=== Begin Enclosure ===

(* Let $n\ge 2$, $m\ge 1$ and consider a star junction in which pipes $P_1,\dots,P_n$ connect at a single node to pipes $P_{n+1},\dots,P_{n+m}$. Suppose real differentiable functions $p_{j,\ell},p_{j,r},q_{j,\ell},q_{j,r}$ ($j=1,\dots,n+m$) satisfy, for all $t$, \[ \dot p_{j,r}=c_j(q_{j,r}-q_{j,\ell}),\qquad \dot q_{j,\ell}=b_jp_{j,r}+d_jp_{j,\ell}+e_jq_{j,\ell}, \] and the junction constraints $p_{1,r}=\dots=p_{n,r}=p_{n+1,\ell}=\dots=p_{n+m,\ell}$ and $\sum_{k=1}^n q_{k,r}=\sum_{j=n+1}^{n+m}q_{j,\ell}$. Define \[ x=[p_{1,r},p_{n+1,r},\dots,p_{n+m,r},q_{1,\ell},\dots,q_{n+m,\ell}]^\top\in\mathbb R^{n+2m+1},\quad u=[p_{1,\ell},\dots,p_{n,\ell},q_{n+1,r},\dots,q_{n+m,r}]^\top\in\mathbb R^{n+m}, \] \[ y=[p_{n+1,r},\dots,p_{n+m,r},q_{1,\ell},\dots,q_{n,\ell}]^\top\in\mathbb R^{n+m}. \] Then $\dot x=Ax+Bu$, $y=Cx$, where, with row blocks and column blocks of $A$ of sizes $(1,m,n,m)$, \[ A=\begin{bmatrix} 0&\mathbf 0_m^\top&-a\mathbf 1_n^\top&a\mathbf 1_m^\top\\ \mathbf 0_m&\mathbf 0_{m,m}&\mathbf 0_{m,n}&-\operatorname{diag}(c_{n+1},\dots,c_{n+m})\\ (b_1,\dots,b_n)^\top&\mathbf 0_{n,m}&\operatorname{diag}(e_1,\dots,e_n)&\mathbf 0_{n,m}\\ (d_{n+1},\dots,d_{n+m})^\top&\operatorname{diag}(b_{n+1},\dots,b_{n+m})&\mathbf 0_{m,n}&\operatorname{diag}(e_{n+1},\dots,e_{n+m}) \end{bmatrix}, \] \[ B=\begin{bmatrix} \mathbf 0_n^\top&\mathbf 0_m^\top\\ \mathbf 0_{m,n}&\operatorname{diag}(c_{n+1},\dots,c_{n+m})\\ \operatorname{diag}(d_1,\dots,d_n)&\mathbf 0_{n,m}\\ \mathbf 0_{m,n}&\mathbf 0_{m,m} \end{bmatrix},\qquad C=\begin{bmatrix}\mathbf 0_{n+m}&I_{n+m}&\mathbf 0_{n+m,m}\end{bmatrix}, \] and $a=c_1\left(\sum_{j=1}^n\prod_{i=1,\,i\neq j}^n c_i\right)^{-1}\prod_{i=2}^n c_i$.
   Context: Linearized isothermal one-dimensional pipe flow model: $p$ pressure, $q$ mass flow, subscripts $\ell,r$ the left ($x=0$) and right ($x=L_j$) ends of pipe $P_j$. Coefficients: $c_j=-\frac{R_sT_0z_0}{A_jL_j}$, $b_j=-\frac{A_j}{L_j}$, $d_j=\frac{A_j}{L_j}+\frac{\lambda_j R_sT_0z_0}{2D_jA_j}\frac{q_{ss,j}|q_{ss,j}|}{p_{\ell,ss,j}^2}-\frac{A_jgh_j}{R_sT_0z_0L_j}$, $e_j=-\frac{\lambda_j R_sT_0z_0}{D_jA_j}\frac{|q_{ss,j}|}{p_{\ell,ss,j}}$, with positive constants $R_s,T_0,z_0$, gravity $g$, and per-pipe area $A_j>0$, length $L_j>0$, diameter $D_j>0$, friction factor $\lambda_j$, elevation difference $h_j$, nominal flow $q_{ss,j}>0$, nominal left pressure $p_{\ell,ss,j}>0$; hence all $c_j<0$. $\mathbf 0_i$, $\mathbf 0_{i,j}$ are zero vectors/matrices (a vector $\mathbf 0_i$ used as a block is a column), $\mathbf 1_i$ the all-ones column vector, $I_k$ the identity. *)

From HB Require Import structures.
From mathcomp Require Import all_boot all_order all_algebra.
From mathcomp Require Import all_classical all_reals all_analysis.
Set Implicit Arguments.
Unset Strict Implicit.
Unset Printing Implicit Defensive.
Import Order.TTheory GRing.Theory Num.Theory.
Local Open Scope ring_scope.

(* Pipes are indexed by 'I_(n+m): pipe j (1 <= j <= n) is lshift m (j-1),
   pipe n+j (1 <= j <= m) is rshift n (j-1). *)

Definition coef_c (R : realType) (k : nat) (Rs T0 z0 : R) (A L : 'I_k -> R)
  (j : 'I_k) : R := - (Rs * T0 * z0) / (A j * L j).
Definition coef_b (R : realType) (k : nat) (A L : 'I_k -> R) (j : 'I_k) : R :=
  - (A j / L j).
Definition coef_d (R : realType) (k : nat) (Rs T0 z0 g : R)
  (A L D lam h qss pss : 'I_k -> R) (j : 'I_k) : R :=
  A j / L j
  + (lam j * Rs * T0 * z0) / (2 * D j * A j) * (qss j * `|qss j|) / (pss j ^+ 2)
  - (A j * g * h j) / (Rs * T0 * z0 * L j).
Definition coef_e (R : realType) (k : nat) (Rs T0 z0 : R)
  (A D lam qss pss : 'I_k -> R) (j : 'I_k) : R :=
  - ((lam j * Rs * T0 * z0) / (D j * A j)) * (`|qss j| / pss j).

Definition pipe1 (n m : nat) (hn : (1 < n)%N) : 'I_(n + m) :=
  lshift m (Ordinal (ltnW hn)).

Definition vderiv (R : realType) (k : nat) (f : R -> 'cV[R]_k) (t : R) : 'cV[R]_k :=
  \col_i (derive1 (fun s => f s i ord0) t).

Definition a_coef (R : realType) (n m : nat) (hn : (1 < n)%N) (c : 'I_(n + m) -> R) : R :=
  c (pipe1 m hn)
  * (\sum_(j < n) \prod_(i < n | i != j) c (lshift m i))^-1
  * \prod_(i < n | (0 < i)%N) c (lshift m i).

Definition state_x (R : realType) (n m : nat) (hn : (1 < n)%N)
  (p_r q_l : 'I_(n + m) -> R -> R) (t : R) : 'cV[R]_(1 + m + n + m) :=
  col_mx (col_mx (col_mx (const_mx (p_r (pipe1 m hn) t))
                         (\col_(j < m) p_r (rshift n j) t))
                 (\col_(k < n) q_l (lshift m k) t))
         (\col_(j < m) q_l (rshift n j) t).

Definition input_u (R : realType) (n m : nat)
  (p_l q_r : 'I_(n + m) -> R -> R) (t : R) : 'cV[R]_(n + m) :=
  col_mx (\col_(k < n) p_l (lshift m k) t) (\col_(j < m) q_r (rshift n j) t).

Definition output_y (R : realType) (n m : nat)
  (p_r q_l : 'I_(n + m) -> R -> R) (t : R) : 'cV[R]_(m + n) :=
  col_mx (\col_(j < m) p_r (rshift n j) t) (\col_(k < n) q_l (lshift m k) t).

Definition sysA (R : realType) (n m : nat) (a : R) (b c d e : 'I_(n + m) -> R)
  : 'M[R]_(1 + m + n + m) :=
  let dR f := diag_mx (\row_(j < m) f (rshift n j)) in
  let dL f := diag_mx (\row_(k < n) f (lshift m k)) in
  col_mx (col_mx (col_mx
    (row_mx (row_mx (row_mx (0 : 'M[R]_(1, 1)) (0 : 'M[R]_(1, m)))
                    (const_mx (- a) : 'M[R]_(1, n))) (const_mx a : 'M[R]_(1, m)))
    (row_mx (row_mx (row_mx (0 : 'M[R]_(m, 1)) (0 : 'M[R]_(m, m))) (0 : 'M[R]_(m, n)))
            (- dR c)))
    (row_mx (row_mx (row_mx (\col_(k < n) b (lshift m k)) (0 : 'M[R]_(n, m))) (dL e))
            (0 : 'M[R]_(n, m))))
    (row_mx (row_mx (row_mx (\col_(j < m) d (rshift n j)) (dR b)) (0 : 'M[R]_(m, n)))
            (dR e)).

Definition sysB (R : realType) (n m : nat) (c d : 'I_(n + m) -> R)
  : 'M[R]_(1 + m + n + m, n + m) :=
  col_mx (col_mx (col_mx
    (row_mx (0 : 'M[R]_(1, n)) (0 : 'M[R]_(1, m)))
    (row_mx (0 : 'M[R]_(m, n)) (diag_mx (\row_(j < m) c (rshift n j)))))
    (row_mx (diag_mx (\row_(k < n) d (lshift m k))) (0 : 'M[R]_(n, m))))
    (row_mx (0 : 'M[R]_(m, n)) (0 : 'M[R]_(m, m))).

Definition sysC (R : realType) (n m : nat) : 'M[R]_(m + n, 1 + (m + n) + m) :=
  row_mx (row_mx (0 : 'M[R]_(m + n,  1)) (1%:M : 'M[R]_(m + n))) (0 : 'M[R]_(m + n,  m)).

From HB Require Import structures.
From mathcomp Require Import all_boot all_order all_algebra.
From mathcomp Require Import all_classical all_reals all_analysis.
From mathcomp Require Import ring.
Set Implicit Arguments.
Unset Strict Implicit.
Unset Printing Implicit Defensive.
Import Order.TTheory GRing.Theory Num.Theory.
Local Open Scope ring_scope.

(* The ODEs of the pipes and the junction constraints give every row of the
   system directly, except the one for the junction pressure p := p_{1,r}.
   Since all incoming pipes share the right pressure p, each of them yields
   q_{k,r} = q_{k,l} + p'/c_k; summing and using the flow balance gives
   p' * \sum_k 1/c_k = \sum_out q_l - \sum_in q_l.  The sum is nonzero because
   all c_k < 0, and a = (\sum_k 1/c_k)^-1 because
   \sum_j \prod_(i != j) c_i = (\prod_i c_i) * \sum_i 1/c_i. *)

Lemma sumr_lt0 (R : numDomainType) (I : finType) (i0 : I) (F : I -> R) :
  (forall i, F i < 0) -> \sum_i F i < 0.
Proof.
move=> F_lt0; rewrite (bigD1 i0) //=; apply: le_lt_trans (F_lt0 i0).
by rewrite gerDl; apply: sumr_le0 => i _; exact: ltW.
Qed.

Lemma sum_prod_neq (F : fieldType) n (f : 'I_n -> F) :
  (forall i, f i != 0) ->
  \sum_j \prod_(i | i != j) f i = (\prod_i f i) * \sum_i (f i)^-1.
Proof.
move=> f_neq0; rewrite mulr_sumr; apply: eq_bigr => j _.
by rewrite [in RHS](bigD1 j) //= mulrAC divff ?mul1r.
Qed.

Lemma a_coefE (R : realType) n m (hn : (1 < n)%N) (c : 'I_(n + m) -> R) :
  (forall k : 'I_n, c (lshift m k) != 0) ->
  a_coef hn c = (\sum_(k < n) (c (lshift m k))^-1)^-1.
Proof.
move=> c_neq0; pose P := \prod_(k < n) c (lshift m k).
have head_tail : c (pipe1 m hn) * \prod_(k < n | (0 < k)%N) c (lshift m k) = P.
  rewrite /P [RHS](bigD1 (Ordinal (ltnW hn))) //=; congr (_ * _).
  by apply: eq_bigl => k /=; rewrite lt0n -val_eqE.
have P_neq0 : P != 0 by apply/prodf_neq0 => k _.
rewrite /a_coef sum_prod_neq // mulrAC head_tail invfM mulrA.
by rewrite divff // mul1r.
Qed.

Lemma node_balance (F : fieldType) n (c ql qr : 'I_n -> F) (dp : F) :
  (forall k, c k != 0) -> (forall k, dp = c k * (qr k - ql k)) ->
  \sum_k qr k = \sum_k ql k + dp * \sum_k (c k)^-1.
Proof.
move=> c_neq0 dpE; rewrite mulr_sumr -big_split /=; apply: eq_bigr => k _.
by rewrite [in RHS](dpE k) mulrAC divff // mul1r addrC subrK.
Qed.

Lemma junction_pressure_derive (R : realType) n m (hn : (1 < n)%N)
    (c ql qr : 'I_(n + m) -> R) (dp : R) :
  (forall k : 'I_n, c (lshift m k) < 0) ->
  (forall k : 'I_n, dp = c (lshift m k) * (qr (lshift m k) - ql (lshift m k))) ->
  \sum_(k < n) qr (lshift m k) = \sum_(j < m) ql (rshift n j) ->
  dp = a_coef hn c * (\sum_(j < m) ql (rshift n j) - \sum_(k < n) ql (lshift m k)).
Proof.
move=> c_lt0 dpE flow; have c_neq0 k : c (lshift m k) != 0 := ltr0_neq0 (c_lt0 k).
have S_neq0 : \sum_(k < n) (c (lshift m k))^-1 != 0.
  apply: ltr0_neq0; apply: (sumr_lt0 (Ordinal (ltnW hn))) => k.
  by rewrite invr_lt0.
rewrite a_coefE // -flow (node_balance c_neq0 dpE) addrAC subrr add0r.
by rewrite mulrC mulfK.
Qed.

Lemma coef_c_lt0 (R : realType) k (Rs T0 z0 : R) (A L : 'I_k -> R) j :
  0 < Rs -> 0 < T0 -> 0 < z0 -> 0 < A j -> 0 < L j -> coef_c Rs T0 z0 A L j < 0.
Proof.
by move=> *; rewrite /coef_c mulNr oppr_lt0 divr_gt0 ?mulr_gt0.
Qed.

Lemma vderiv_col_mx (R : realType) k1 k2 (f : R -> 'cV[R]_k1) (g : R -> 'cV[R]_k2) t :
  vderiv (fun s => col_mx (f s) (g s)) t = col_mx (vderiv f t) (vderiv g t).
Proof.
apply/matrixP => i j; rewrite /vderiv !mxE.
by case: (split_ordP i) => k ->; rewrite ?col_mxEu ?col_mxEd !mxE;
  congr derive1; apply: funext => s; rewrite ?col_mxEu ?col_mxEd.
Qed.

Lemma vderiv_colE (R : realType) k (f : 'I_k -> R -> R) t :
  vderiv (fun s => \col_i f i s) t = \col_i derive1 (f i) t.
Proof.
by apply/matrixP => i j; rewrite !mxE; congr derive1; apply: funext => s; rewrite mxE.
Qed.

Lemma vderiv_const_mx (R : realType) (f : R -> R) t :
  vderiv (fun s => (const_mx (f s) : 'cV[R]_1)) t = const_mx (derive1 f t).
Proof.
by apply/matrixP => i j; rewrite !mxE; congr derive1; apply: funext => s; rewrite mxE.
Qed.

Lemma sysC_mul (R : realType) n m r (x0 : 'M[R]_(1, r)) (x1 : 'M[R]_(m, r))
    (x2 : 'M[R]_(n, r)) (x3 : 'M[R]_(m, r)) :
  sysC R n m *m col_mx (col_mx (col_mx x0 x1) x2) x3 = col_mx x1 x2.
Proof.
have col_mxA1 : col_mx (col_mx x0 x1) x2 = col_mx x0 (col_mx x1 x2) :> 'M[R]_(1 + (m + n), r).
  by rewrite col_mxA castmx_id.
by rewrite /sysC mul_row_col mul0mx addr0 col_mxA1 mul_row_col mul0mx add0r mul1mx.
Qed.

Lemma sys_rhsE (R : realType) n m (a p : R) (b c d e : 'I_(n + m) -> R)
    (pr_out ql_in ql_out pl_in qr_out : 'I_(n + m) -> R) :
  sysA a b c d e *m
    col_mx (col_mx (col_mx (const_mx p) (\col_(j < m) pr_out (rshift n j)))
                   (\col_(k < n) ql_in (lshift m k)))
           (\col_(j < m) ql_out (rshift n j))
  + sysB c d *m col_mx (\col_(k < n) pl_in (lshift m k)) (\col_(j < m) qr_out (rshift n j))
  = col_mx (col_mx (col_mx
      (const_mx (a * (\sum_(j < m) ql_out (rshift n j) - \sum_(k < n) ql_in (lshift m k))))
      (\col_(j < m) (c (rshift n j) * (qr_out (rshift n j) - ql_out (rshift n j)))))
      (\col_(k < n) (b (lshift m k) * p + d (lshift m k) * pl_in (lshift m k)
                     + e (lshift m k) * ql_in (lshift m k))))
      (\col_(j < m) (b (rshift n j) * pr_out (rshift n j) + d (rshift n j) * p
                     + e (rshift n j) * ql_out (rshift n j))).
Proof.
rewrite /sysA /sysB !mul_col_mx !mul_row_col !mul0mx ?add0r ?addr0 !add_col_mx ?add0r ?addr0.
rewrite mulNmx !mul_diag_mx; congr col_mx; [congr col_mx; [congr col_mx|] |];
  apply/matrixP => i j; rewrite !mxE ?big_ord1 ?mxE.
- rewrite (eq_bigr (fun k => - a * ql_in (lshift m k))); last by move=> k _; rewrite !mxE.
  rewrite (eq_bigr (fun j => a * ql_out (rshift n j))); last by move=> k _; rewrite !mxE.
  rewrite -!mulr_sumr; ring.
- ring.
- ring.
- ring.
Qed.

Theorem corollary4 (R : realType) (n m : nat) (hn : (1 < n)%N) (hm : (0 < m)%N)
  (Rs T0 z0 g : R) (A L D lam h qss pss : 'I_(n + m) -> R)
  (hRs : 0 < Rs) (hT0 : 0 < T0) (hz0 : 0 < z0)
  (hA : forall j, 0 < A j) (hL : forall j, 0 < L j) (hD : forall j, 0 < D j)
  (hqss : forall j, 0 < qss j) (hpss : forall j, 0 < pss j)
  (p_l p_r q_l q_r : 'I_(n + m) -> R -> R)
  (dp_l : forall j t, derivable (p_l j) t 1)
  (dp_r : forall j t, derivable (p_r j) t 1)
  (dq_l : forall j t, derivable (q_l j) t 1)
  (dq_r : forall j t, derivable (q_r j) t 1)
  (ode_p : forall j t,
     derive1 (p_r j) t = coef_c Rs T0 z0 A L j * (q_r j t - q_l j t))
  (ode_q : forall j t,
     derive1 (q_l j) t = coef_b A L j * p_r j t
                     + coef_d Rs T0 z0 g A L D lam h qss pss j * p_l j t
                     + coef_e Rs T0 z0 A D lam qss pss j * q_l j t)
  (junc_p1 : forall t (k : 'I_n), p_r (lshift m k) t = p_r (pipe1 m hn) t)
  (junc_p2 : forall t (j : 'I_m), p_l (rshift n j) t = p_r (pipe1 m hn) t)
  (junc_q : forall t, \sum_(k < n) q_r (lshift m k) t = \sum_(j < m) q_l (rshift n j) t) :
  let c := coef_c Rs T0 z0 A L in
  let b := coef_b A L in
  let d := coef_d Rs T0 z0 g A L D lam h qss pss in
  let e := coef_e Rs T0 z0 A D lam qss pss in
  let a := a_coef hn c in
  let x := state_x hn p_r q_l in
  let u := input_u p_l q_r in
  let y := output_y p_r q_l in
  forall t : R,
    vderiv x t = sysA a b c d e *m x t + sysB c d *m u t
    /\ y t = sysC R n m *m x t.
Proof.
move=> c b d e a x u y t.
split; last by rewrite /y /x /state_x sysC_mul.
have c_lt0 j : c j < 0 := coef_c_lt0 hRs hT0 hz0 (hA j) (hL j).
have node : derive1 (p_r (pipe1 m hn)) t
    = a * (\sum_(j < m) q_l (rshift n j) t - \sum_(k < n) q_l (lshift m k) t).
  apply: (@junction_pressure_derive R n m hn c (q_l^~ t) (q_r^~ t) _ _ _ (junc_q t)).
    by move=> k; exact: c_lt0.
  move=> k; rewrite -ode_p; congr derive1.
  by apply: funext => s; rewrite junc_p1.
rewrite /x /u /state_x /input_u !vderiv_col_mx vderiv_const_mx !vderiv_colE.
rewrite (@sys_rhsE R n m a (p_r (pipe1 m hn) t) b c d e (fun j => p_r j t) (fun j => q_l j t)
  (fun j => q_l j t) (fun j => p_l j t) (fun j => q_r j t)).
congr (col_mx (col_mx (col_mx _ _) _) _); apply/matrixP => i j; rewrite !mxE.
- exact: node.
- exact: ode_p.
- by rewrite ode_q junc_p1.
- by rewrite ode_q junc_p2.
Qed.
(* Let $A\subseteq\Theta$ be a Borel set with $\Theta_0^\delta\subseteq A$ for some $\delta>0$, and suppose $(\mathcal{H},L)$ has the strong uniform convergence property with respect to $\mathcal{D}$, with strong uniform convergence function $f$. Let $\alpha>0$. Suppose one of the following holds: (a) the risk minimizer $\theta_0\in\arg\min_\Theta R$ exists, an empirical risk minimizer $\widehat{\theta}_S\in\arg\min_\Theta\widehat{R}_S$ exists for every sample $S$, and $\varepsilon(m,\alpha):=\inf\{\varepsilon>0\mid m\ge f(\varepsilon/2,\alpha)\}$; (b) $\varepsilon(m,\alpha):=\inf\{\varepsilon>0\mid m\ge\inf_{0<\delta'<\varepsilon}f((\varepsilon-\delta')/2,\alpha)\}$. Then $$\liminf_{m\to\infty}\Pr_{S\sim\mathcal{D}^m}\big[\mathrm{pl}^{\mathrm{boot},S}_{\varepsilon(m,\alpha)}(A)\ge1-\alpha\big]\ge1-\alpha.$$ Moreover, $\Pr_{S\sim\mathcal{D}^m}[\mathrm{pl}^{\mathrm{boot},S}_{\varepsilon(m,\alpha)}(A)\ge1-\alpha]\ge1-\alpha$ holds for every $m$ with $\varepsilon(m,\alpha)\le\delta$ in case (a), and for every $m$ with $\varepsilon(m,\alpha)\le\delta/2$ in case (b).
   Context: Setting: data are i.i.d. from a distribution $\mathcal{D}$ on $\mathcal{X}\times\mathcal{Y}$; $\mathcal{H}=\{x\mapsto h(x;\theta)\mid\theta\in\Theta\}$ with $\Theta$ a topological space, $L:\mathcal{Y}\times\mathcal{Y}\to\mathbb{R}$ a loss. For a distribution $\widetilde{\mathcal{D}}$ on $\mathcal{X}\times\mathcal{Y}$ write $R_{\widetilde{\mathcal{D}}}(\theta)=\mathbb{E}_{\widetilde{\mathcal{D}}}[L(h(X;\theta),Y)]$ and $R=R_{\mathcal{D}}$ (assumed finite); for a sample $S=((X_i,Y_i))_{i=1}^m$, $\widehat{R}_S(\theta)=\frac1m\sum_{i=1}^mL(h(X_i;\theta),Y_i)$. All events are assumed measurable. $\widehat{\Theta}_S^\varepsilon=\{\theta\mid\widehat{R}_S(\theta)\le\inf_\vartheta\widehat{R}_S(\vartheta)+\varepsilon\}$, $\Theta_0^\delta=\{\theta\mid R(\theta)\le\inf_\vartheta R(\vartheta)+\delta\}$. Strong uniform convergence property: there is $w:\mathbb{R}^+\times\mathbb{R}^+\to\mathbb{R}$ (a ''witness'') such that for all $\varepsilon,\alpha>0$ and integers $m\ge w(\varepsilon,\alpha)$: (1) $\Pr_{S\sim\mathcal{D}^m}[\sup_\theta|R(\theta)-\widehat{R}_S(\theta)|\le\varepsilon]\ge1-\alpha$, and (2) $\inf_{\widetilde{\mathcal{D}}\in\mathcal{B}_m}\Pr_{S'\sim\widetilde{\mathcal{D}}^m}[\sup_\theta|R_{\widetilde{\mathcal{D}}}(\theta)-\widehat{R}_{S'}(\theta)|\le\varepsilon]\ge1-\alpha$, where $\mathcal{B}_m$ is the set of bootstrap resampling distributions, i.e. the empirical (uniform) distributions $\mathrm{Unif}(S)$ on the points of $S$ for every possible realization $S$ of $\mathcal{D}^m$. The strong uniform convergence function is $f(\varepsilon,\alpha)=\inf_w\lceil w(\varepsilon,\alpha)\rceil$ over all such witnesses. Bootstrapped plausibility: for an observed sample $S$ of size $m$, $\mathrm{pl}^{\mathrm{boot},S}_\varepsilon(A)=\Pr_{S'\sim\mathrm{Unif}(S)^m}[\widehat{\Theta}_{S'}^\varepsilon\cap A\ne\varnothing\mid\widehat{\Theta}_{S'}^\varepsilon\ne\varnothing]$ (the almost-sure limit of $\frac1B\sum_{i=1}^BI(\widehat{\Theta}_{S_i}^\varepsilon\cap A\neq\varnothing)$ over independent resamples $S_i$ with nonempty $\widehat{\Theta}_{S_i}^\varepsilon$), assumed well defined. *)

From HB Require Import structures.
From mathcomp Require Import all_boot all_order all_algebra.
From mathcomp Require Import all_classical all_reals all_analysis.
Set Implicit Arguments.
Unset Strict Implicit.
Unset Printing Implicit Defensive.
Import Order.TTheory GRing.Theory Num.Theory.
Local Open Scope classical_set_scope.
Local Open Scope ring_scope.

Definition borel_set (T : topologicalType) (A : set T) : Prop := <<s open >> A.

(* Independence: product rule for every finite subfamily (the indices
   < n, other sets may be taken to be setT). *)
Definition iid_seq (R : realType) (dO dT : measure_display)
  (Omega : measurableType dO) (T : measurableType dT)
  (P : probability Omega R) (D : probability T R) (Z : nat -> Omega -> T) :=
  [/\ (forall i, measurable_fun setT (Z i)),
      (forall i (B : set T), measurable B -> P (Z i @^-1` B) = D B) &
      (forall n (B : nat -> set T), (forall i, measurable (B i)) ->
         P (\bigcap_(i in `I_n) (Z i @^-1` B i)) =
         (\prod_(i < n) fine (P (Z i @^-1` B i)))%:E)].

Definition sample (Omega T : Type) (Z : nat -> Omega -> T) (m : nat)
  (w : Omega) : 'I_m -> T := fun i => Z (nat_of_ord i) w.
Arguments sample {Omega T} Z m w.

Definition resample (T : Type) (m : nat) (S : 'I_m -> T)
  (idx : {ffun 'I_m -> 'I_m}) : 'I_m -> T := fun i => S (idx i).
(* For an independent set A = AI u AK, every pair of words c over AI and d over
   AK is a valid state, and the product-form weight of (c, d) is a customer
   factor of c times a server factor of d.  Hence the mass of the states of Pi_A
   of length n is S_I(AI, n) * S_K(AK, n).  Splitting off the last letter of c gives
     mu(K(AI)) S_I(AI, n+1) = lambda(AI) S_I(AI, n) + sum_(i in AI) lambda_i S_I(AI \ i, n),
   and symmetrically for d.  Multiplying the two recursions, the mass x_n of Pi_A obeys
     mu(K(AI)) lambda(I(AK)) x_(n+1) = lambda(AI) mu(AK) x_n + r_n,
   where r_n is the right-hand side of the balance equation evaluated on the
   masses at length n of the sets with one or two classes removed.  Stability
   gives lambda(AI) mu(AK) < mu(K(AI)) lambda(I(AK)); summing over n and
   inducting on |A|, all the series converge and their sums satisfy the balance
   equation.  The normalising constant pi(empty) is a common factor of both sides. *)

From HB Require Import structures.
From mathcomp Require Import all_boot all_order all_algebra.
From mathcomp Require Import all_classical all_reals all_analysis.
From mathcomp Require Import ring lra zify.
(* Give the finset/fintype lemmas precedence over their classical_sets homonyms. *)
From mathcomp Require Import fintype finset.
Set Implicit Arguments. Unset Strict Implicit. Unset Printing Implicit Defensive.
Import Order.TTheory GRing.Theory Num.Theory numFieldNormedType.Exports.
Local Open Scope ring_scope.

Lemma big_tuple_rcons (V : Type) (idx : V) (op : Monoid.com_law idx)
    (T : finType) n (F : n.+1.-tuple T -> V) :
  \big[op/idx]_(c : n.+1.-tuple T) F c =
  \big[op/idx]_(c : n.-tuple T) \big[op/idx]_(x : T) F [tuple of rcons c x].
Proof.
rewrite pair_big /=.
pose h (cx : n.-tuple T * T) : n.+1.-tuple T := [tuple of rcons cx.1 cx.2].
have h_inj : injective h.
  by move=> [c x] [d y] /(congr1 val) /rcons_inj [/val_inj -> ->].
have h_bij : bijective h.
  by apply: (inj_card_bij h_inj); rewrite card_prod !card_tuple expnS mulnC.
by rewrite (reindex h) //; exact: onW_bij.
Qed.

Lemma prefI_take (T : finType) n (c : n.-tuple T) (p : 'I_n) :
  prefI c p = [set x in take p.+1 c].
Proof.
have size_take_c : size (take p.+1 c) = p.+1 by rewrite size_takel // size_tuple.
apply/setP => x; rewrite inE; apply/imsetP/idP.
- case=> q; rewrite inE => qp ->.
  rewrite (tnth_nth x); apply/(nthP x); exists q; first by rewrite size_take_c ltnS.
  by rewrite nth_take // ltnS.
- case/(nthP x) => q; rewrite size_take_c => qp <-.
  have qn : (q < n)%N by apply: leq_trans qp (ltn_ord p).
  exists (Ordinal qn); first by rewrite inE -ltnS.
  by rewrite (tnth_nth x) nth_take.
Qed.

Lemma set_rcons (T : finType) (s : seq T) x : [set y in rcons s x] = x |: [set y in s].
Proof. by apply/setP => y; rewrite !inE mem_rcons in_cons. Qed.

=== End Enclosure ===

> **WHAT THIS TASK INVOLVES**:
Above are some records; copy exactly the lines from the one with "(hRs : 0 < Rs)" through the one with "let d := coef_d", both included, and no others.

> **ANSWER SPACE**:
  (hRs : 0 < Rs) (hT0 : 0 < T0) (hz0 : 0 < z0)
  (hA : forall j, 0 < A j) (hL : forall j, 0 < L j) (hD : forall j, 0 < D j)
  (hqss : forall j, 0 < qss j) (hpss : forall j, 0 < pss j)
  (p_l p_r q_l q_r : 'I_(n + m) -> R -> R)
  (dp_l : forall j t, derivable (p_l j) t 1)
  (dp_r : forall j t, derivable (p_r j) t 1)
  (dq_l : forall j t, derivable (q_l j) t 1)
  (dq_r : forall j t, derivable (q_r j) t 1)
  (ode_p : forall j t,
     derive1 (p_r j) t = coef_c Rs T0 z0 A L j * (q_r j t - q_l j t))
  (ode_q : forall j t,
     derive1 (q_l j) t = coef_b A L j * p_r j t
                     + coef_d Rs T0 z0 g A L D lam h qss pss j * p_l j t
                     + coef_e Rs T0 z0 A D lam qss pss j * q_l j t)
  (junc_p1 : forall t (k : 'I_n), p_r (lshift m k) t = p_r (pipe1 m hn) t)
  (junc_p2 : forall t (j : 'I_m), p_l (rshift n j) t = p_r (pipe1 m hn) t)
  (junc_q : forall t, \sum_(k < n) q_r (lshift m k) t = \sum_(j < m) q_l (rshift n j) t) :
  let c := coef_c Rs T0 z0 A L in
  let b := coef_b A L in
  let d := coef_d Rs T0 z0 g A L D lam h qss pss in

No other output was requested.